The Health Impact Fund (HIF) is a proposed new way of paying for pharmaceutical innovation. The HIF would incentivize the development and delivery of new medicines by paying for performance. All pharmaceutical firms worldwide would have the option of registering new medicines with the HIF. By registering, a firm agrees to provide its drug at cost anywhere it is needed, and in exchange for foregoing the normal profits from drug sales, the firm is rewarded based on the HIF’s assessment of the actual global health impact of the drug. Governments and other donors would finance the HIF.
The Health Impact Fund is designed to bridge an access-to-medicine gap created by the current system of medical research and development. Currently, the only way for pharmaceutical firms to recoup their substantial investments on research and development is to charge high prices for their drugs. Firms have incentives to focus on drugs that sell, rather than drugs that have the largest health impact. This system works well when these categories overlap, but it fails for diseases that are widespread primarily among the poor.
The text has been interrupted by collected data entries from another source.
Local Notation K := (fset_set (supp phi)).
Local Notation h := (tilt phi alpha).
Local Notation D := ((2 * d)%:R : R).

Let D_gt0 : 0 < D. Proof. by rewrite ltr0n muln_gt0. Qed.
Let alpha_gt0 : 0 < alpha. Proof. by case/andP: alpha01. Qed.

Lemma mem_supp_fset x : (x \in K) = (phi x != 0).
Proof. by rewrite in_fset_set //; apply/idP/idP => [/set_mem|/mem_set]. Qed.

Lemma phi_sqr x : phi x ^+ 2 = (local_time w n.+1 x)%:R.
Proof. by rewrite -w_event /fN sqr_sqrtr ?ler0n. Qed.

Lemma phi_ge1 x : phi x != 0 -> 1 <= phi x.
Proof.
rewrite -w_event /fN; case: (local_time w n.+1 x) => [|m]; first by rewrite sqrtr0 eqxx.
by move=> _; rewrite -[leLHS]sqrtr1; apply: ler_wsqrtr; rewrite ler1n.
Qed.

Lemma pos_in_supp k : (k < n.+1)%N -> pos w k \in K.
Proof.
move=> k_lt; rewrite mem_supp_fset -w_event /fN sqrtr_eq0 -ltNge ltr0n.
rewrite /local_time -has_count; apply/hasP; exists k => //.
by rewrite mem_iota.
Qed.

Lemma sum_phi_sqr : \sum_(x <- K) phi x ^+ 2 = n.+1%:R.
Proof.
have := sum_local_time (fun _ => 1 : R) (fset_uniq K) pos_in_supp.
rewrite sumr_const_seq size_iota mulr1 => ->.
by apply: eq_bigr => x _; rewrite mulr1 phi_sqr.
Qed.

Lemma tilt_path k : (k < n.+1)%N -> h (pos w k) = phi (pos w k).
Proof. by move=> /pos_in_supp; rewrite mem_supp_fset /tilt => /negbTE ->. Qed.

Lemma tilt_ge y : alpha <= h y.
Proof.
rewrite /tilt; case: eqP => // /eqP /phi_ge1 phi_y_ge1.
by case/andP: alpha01 => _ alpha_lt1; lra.
Qed.

Lemma tilt_le y : h y <= phi y + alpha.
Proof. by have := alpha_gt0; rewrite /tilt; case: eqP => [->|_]; lra. Qed.

Lemma nbr_sum_tilt_ge x : D * alpha <= nbr_sum h x.
Proof.
rewrite /nbr_sum -card_dir mulr_natl -sumr_const.
by apply: ler_sum => e _; exact: tilt_ge.
Qed.

Definition tilt_exponent : R :=
  n.+1%:R - (\sum_(x <- K) phi x * nbr_sum h x) / D.

Lemma sum_path_exponent :
  \sum_(k < n.+1) (1 - nbr_sum h (pos w k) / (D * phi (pos w k))) = tilt_exponent.
Proof.
rewrite -(big_mkord xpredT (fun k => 1 - nbr_sum h (pos w k) / (D * phi (pos w k)))).
rewrite (sum_local_time (fun x => 1 - nbr_sum h x / (D * phi x)) (fset_uniq K)) //; last first.
  exact: pos_in_supp.
rewrite /tilt_exponent -sum_phi_sqr mulr_suml -sumrB big_seq [RHS]big_seq.
apply: eq_bigr => x; rewrite mem_supp_fset => phi_x.
rewrite -phi_sqr; field.
by rewrite phi_x pnatr_eq0 -lt0n d_gt0.
Qed.

Let nbr_sum_tilt_gt0 x : 0 < nbr_sum h x.
Proof. exact: lt_le_trans (mulr_gt0 D_gt0 alpha_gt0) (nbr_sum_tilt_ge x). Qed.

Lemma path_weight_tilt_ge :
  alpha * expR tilt_exponent / D ^+ n <= path_weight h 0 w * phi (origin d).
Proof.
have step_ge k : (k < n.+1)%N ->
    expR (1 - nbr_sum h (pos w k) / (D * phi (pos w k))) / D <=
    h (0 + pos w k) / nbr_sum h (0 + pos w k).
  move=> k_lt; rewrite add0r tilt_path //.
  have phi_gt0 : 0 < phi (pos w k).
    by rewrite lt0r phi_ge0 andbT -mem_supp_fset pos_in_supp.
  rewrite ler_pdivrMr //; apply: le_trans (expR_1B_le_inv _) _.
    by rewrite divr_gt0 ?mulr_gt0.
  by rewrite invf_div [_ * D]mulrC mulrA.
have prod_ge : expR tilt_exponent / D ^+ n.+1 <=
    \prod_(k < n.+1) (h (0 + pos w k) / nbr_sum h (0 + pos w k)).
  have -> : expR tilt_exponent / D ^+ n.+1 =
      \prod_(k < n.+1) (expR (1 - nbr_sum h (pos w k) / (D * phi (pos w k))) / D).
    by rewrite prodf_div prodr_const card_ord -expR_sum sum_path_exponent.
  apply: ler_prod => k _; apply/andP; split; last exact: step_ge.
  by rewrite divr_ge0 ?expR_ge0 ?ler0n.
have h0 : h 0 = phi (origin d) by rewrite origin0 -(pos0 w) tilt_path.
have := path_weight_telescope (fun x => lt0r_neq0 (nbr_sum_tilt_gt0 x)) 0 w.
rewrite w_size h0 => ->.
have -> : alpha * expR tilt_exponent / D ^+ n =
    D * alpha * (expR tilt_exponent / D ^+ n.+1).
  by rewrite exprS; field; rewrite expf_neq0 ?pnatr_eq0 -?lt0n ?muln_gt0 d_gt0.
apply: ler_pM => //; last exact: nbr_sum_tilt_ge.
exact: mulr_ge0 (ltW D_gt0) (ltW alpha_gt0).
Qed.

Lemma tilt_exponent_ge :
  1 / 2 * energy phi - alpha * Num.sqrt (n.+1%:R * (#|` K|)%:R) <= tilt_exponent.
Proof.
set M := \sum_(x <- K) phi x * nbr_sum h x; set P := \sum_(x <- K) phi x.
have M_le : M <= adj_corr phi K + D * alpha * P.
  rewrite /M /adj_corr /P mulr_sumr -big_split; apply: ler_sum => x _ /=.
  have -> : D * alpha * phi x = \sum_(e : 'I_d * bool) alpha * phi x.
    by rewrite sumr_const card_dir -mulrA mulr_natl.
  rewrite /nbr_sum mulr_sumr -big_split; apply: ler_sum => e _ /=.
  by rewrite [alpha * _]mulrC -mulrDr ler_wpM2l ?tilt_le.
have P_le : P <= Num.sqrt (n.+1%:R * (#|` K|)%:R).
  have P_ge0 : 0 <= P by apply: sumr_ge0 => x _; exact: phi_ge0.
  rewrite -(ger0_norm P_ge0) -sqrtr_sqr; apply: ler_wsqrtr.
  by rewrite mulrC -sum_phi_sqr; exact: cauchy_schwarz_sum.
have E_le := energy_le (fset_uniq K) (fun x => eqbRL (mem_supp_fset x)) phi_ge0 d_gt0.
have corr_half : adj_corr phi K / d%:R = 2 * (adj_corr phi K / D).
  by rewrite natrM; field; rewrite pnatr_eq0 -lt0n d_gt0.
have M_div : M / D <= adj_corr phi K / D + alpha * P.
  by rewrite ler_pdivrMr // mulrDl divfK ?(lt0r_neq0 D_gt0) //; lra.
have aP_le : alpha * P <= alpha * Num.sqrt (n.+1%:R * (#|` K|)%:R).
  by rewrite ler_pM2l.
rewrite sum_phi_sqr in E_le; rewrite /tilt_exponent -/M; lra.
Qed.

Lemma path_bound :
  1 <= phi (origin d) / alpha *
    expR (- (1 / 2) * energy phi + alpha * Num.sqrt (n.+1%:R * (#|` K|)%:R)) *
    D ^+ n * path_weight h 0 w.
Proof.
set B := - (1 / 2) * energy phi + _.
have exponent_ge0 : 0 <= tilt_exponent + B by have := tilt_exponent_ge; rewrite /B; lra.
have scale_ge0 : 0 <= expR B * D ^+ n / alpha.
  by rewrite divr_ge0 ?mulr_ge0 ?expR_ge0 ?exprn_ge0 ?ler0n ?ltW.
have expE : expR (tilt_exponent + B) =
    alpha * expR tilt_exponent / D ^+ n * (expR B * D ^+ n / alpha).
  by rewrite expRD; field; rewrite expf_neq0 ?lt0r_neq0.
have := ler_wpM2r scale_ge0 path_weight_tilt_ge; rewrite -expE.
have := expR_ge1Dx (tilt_exponent + B).
set W := path_weight h 0 w; move=> exp_ge le_exp.
suff -> : phi (origin d) / alpha * expR B * D ^+ n * W =
  W * phi (origin d) * (expR B * D ^+ n / alpha) by lra.
by ring.
Qed.

End PathBound.
(* Write A = L R with L = col_base A and R = row_base A.  The subspace
   V = L M(r,d) + M(d,r) R of M(d) has dimension at least 2dr - r^2, since its
   two summands intersect inside L M(r,r) R.  Entanglement breaking forces phi to
   map V into the support space of phi(A), the operators L' Y R' for a rank
   factorization L' R' of phi(A), which has dimension at most s^2.  For the
   generators A Z and Z^* A of V this is seen on the state Gamma^* A Gamma with
   Gamma = (1 | Z): in a separable decomposition sum_i p_i s_i (x) t_i of its
   image under phi (x) id, the s_i that contribute to the (0,0) block phi(A) lie
   in its support, and the t_i vanishing at (0,0) vanish on the off-diagonal
   blocks as well, being positive semidefinite.  Rank-nullity on V concludes. *)

From mathcomp Require Import all_boot all_order all_algebra.
From mathcomp Require Import ring zify.
Import Order.TTheory GRing.Theory Num.Theory.
Set Implicit Arguments. Unset Strict Implicit. Unset Printing Implicit Defensive.
Local Open Scope ring_scope.

Section SandwichSpaces.
Variable F : fieldType.

Definition leftmul_space m n p (L : 'M[F]_(m, n)) : {vspace 'M[F]_(m, p)} :=
  limg (linfun (@mulmx F m n p L)).

Definition rightmul_space m n p (R : 'M[F]_(n, p)) : {vspace 'M[F]_(m, p)} :=
  limg (linfun (@mulmxr F m n p R)).

Definition sandwich_space m n p q (L : 'M[F]_(m, n)) (R : 'M[F]_(p, q))
  : {vspace 'M[F]_(m, q)} :=
  limg (linfun (mulmxr R \o @mulmx F m n p L)).

Lemma mem_sandwich_space m n p q (L : 'M[F]_(m, n)) (R : 'M[F]_(p, q)) Y :
  L *m Y *m R \in sandwich_space L R.
Proof. by apply/memv_imgP; exists Y; rewrite ?memvf ?lfunE. Qed.

Lemma dim_sandwich_space m n p q (L : 'M[F]_(m, n)) (R : 'M[F]_(p, q)) :
  (\dim (sandwich_space L R) <= n * p)%N.
Proof.
have := limg_ker_dim (linfun (mulmxr R \o @mulmx F m n p L)) fullv.
rewrite dimvf dim_matrix => dimE.
by rewrite -[(n * p)%N]/(n * p)%R -dimE leq_addl.
Qed.

Lemma sandwich_space_cap m n p q (L : 'M[F]_(m, n)) (R : 'M[F]_(p, q)) M X Y :
  row_full L -> M = L *m X -> M = Y *m R -> M \in sandwich_space L R.
Proof.
case/row_fullP=> L' L'L MX MY.
have -> : M = L *m (L' *m Y) *m R.
  by rewrite -!mulmxA -MY MX [L' *m _]mulmxA L'L mul1mx.
exact: mem_sandwich_space.
Qed.

Lemma dim_leftmul_space m n p (L : 'M[F]_(m, n)) :
  row_full L -> \dim (leftmul_space p L) = (n * p)%N.
Proof.
move=> fullL; rewrite limg_dim_eq ?dimvf ?dim_matrix // capfv.
by apply/eqP/lker0P => Y1 Y2; rewrite !lfunE; apply: row_full_inj.
Qed.

Lemma dim_rightmul_space m n p (R : 'M[F]_(n, p)) :
  row_free R -> \dim (rightmul_space m R) = (m * n)%N.
Proof.
move=> freeR; rewrite limg_dim_eq ?dimvf ?dim_matrix // capfv.
by apply/eqP/lker0P => Y1 Y2; rewrite !lfunE; apply: row_free_inj.
Qed.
For effective medicines to be widely accessible, prices need to be low, but low prices don't encourage innovation.
The HIF will provide long-term, stable incentives to solve this problem. By paying for assessed health impact, the HIF will create a new stream of funding for research that is not currently financially feasible. In addition, the HIF gives firms incentives to ensure that drugs actually reach and are correctly used by the patients who need them. (top)
What are the origins of the Health Impact Fund proposal?
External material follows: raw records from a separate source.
Lemma spectral_norm_psd lmax : 0 <= lmax ->
  (forall v, 0 <= qform A v <= lmax * vdot v v) ->
  (exists2 c : 'cV[R]_d, c != 0 & A *m c = lmax *: c) -> spectral_norm A = lmax.
Proof.
move=> lmax0 A_bounds [c c0 Ac].
have A_psd v : 0 <= qform A v by case/andP: (A_bounds v).
have A_qle v : qform A v <= lmax * vdot v v by case/andP: (A_bounds v).
have A_le v : vnorm v <= 1 -> vnorm (A *m v) <= lmax.
  rewrite !vnormE -sqrtr1 ler_sqrt // => v1.
  rewrite -(ger0_norm lmax0) -sqrtr_sqr ler_sqrt ?sqr_ge0 //.
  apply: le_trans (psd_mulmx_bound A_sym A_psd lmax0 A_qle v) _.
  by rewrite ler_piMr ?sqr_ge0.
pose s := vnorm c.
have s_gt0 : 0 < s by rewrite /s vnormE sqrtr_gt0 vdot_self_gt0.
have unit_c : vnorm (s^-1 *: c) = 1.
  by rewrite vnormZ ger0_norm ?invr_ge0 ?ltW // mulVf ?gt_eqF.
have A_unit_c : vnorm (A *m (s^-1 *: c)) = lmax.
  by rewrite -scalemxAr Ac scalerA mulrC -scalerA vnormZ unit_c mulr1 ger0_norm.
pose E := [set r : R | exists v : 'cV[R]_d, vnorm v <= 1 /\ r = vnorm (A *m v)].
have E_lmax : E lmax by exists (s^-1 *: c); rewrite unit_c A_unit_c.
have E_ub : ubound E lmax by move=> _ [v [v1 ->]]; exact: A_le.
apply/le_anti/andP; split; first exact: ge_sup (ex_intro _ lmax E_lmax) E_ub.
exact: sup_upper_bound (conj (ex_intro _ lmax E_lmax) (ex_intro _ lmax E_ub)) _ E_lmax.
Qed.

End SymmetricSpectrum.

Section GramMatrix.
Variables (R : realType) (n d : nat) (X : 'M[R]_(n, d)).

Lemma gram_sym : (X^T *m X)^T = X^T *m X.
Proof. by rewrite trmx_mul trmxK. Qed.

Lemma gd_step_sym (eta : R) :
  (1%:M - eta *: (X^T *m X))^T = 1%:M - eta *: (X^T *m X).
Proof. by rewrite linearB /= linearZ /= gram_sym tr_scalar_mx. Qed.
Many people have contributed intellectually and in many practical ways to the development of the HIF proposal. The proposal continues to be explored, improved and refined by the thoughtful suggestions and criticisms of people of various backgrounds. For a full exposition of the development of the HIF proposal and the key thinkers who contributed to the creation of the idea, please see The Origins of the Health Impact Fund. (top)
I’d like to help. How can I get involved?
The most important way you can help is to read about the proposal and spread the word such as through editorials, articles, and blog posts. We are a tax-exempt nonprofit organization in the United States, and we are welcome contributions. You can also attend one of our many events around the world. If you have specialized skills and would like to talk about more ways you can help, please send us an email. (top)
Is the HIF currently operational?
No, the HIF is currently a proposal. We are working to implement one or more pilots of the health impact metric and the reward mechanism. More detail on next steps is available here. (top)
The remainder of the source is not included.